* [DIRECTIONS] Exact copies of all the entries are required.

* [DATASET RECORDS]
________________________
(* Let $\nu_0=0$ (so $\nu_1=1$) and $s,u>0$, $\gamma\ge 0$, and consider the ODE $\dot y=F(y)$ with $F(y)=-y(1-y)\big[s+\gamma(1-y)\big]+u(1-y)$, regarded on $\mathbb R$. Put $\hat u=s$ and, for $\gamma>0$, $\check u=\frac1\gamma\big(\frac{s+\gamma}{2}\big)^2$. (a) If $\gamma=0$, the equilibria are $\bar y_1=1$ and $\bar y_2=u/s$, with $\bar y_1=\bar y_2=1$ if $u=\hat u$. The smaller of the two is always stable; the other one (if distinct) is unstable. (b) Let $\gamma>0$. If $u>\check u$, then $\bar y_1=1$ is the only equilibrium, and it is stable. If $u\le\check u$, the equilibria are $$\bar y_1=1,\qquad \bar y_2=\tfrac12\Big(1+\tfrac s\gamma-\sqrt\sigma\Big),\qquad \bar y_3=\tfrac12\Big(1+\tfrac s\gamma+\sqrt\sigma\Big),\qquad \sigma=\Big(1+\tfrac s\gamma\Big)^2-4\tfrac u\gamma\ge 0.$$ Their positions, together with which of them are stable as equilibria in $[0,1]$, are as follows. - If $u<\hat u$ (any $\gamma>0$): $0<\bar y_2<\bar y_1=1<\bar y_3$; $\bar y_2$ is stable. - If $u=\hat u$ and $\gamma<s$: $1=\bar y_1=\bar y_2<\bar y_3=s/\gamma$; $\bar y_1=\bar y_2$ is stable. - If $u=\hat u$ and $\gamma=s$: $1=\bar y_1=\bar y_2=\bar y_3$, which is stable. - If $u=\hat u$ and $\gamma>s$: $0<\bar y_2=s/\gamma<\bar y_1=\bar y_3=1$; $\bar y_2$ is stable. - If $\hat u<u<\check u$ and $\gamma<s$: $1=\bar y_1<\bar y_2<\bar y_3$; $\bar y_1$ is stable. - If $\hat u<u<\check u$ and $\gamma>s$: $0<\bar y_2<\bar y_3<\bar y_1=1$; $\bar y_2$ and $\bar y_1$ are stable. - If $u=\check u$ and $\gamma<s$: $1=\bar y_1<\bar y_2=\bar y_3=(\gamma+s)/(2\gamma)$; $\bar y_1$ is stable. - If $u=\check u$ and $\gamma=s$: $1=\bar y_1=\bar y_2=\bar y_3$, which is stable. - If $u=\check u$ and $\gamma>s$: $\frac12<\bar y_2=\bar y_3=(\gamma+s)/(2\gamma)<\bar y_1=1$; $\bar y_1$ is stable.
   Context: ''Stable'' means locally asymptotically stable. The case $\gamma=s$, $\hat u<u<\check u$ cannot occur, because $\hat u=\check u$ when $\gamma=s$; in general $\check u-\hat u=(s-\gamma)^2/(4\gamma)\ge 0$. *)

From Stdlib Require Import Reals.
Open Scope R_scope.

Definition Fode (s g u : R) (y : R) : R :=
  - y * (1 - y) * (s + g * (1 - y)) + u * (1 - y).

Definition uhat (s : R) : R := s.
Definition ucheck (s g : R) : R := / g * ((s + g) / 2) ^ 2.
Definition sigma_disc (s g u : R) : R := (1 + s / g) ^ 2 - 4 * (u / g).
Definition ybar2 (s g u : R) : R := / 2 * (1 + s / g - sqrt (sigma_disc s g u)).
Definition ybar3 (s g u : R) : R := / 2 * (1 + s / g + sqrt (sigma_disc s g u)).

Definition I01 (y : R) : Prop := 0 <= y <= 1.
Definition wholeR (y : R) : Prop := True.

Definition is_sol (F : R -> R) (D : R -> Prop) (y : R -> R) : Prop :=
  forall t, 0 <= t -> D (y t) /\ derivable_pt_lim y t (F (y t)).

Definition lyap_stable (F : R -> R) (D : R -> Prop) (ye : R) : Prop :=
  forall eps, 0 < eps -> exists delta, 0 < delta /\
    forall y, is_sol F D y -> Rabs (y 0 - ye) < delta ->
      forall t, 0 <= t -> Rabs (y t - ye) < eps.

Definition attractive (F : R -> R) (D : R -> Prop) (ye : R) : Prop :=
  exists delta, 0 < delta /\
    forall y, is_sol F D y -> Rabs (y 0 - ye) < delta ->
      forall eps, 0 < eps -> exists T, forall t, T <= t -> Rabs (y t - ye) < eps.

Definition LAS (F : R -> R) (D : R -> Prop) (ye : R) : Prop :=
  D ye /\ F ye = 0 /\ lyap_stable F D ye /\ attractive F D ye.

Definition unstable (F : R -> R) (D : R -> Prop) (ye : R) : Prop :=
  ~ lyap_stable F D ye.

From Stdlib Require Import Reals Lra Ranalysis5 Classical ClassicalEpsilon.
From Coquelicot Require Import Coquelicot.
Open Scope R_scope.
________________________
* [EXERCISE SOLUTION]
(* Let $\nu_0=0$ (so $\nu_1=1$) and $s,u>0$, $\gamma\ge 0$, and consider the ODE $\dot y=F(y)$ with $F(y)=-y(1-y)\big[s+\gamma(1-y)\big]+u(1-y)$, regarded on $\mathbb R$. Put $\hat u=s$ and, for $\gamma>0$, $\check u=\frac1\gamma\big(\frac{s+\gamma}{2}\big)^2$. (a) If $\gamma=0$, the equilibria are $\bar y_1=1$ and $\bar y_2=u/s$, with $\bar y_1=\bar y_2=1$ if $u=\hat u$. The smaller of the two is always stable; the other one (if distinct) is unstable. (b) Let $\gamma>0$. If $u>\check u$, then $\bar y_1=1$ is the only equilibrium, and it is stable. If $u\le\check u$, the equilibria are $$\bar y_1=1,\qquad \bar y_2=\tfrac12\Big(1+\tfrac s\gamma-\sqrt\sigma\Big),\qquad \bar y_3=\tfrac12\Big(1+\tfrac s\gamma+\sqrt\sigma\Big),\qquad \sigma=\Big(1+\tfrac s\gamma\Big)^2-4\tfrac u\gamma\ge 0.$$ Their positions, together with which of them are stable as equilibria in $[0,1]$, are as follows. - If $u<\hat u$ (any $\gamma>0$): $0<\bar y_2<\bar y_1=1<\bar y_3$; $\bar y_2$ is stable. - If $u=\hat u$ and $\gamma<s$: $1=\bar y_1=\bar y_2<\bar y_3=s/\gamma$; $\bar y_1=\bar y_2$ is stable. - If $u=\hat u$ and $\gamma=s$: $1=\bar y_1=\bar y_2=\bar y_3$, which is stable. - If $u=\hat u$ and $\gamma>s$: $0<\bar y_2=s/\gamma<\bar y_1=\bar y_3=1$; $\bar y_2$ is stable. - If $\hat u<u<\check u$ and $\gamma<s$: $1=\bar y_1<\bar y_2<\bar y_3$; $\bar y_1$ is stable. - If $\hat u<u<\check u$ and $\gamma>s$: $0<\bar y_2<\bar y_3<\bar y_1=1$; $\bar y_2$ and $\bar y_1$ are stable. - If $u=\check u$ and $\gamma<s$: $1=\bar y_1<\bar y_2=\bar y_3=(\gamma+s)/(2\gamma)$; $\bar y_1$ is stable. - If $u=\check u$ and $\gamma=s$: $1=\bar y_1=\bar y_2=\bar y_3$, which is stable. - If $u=\check u$ and $\gamma>s$: $\frac12<\bar y_2=\bar y_3=(\gamma+s)/(2\gamma)<\bar y_1=1$; $\bar y_1$ is stable.
   Context: ''Stable'' means locally asymptotically stable. The case $\gamma=s$, $\hat u<u<\check u$ cannot occur, because $\hat u=\check u$ when $\gamma=s$; in general $\check u-\hat u=(s-\gamma)^2/(4\gamma)\ge 0$. *)

From Stdlib Require Import Reals.
Open Scope R_scope.

Definition Fode (s g u : R) (y : R) : R :=
  - y * (1 - y) * (s + g * (1 - y)) + u * (1 - y).

Definition uhat (s : R) : R := s.
Definition ucheck (s g : R) : R := / g * ((s + g) / 2) ^ 2.
Definition sigma_disc (s g u : R) : R := (1 + s / g) ^ 2 - 4 * (u / g).
Definition ybar2 (s g u : R) : R := / 2 * (1 + s / g - sqrt (sigma_disc s g u)).
Definition ybar3 (s g u : R) : R := / 2 * (1 + s / g + sqrt (sigma_disc s g u)).

Definition I01 (y : R) : Prop := 0 <= y <= 1.
Definition wholeR (y : R) : Prop := True.

Definition is_sol (F : R -> R) (D : R -> Prop) (y : R -> R) : Prop :=
  forall t, 0 <= t -> D (y t) /\ derivable_pt_lim y t (F (y t)).

Definition lyap_stable (F : R -> R) (D : R -> Prop) (ye : R) : Prop :=
  forall eps, 0 < eps -> exists delta, 0 < delta /\
    forall y, is_sol F D y -> Rabs (y 0 - ye) < delta ->
      forall t, 0 <= t -> Rabs (y t - ye) < eps.

Definition attractive (F : R -> R) (D : R -> Prop) (ye : R) : Prop :=
  exists delta, 0 < delta /\
    forall y, is_sol F D y -> Rabs (y 0 - ye) < delta ->
      forall eps, 0 < eps -> exists T, forall t, T <= t -> Rabs (y t - ye) < eps.

Definition LAS (F : R -> R) (D : R -> Prop) (ye : R) : Prop :=
  D ye /\ F ye = 0 /\ lyap_stable F D ye /\ attractive F D ye.

Definition unstable (F : R -> R) (D : R -> Prop) (ye : R) : Prop :=
  ~ lyap_stable F D ye.

From Stdlib Require Import Reals Lra Ranalysis5 Classical ClassicalEpsilon.
From Coquelicot Require Import Coquelicot.
Open Scope R_scope.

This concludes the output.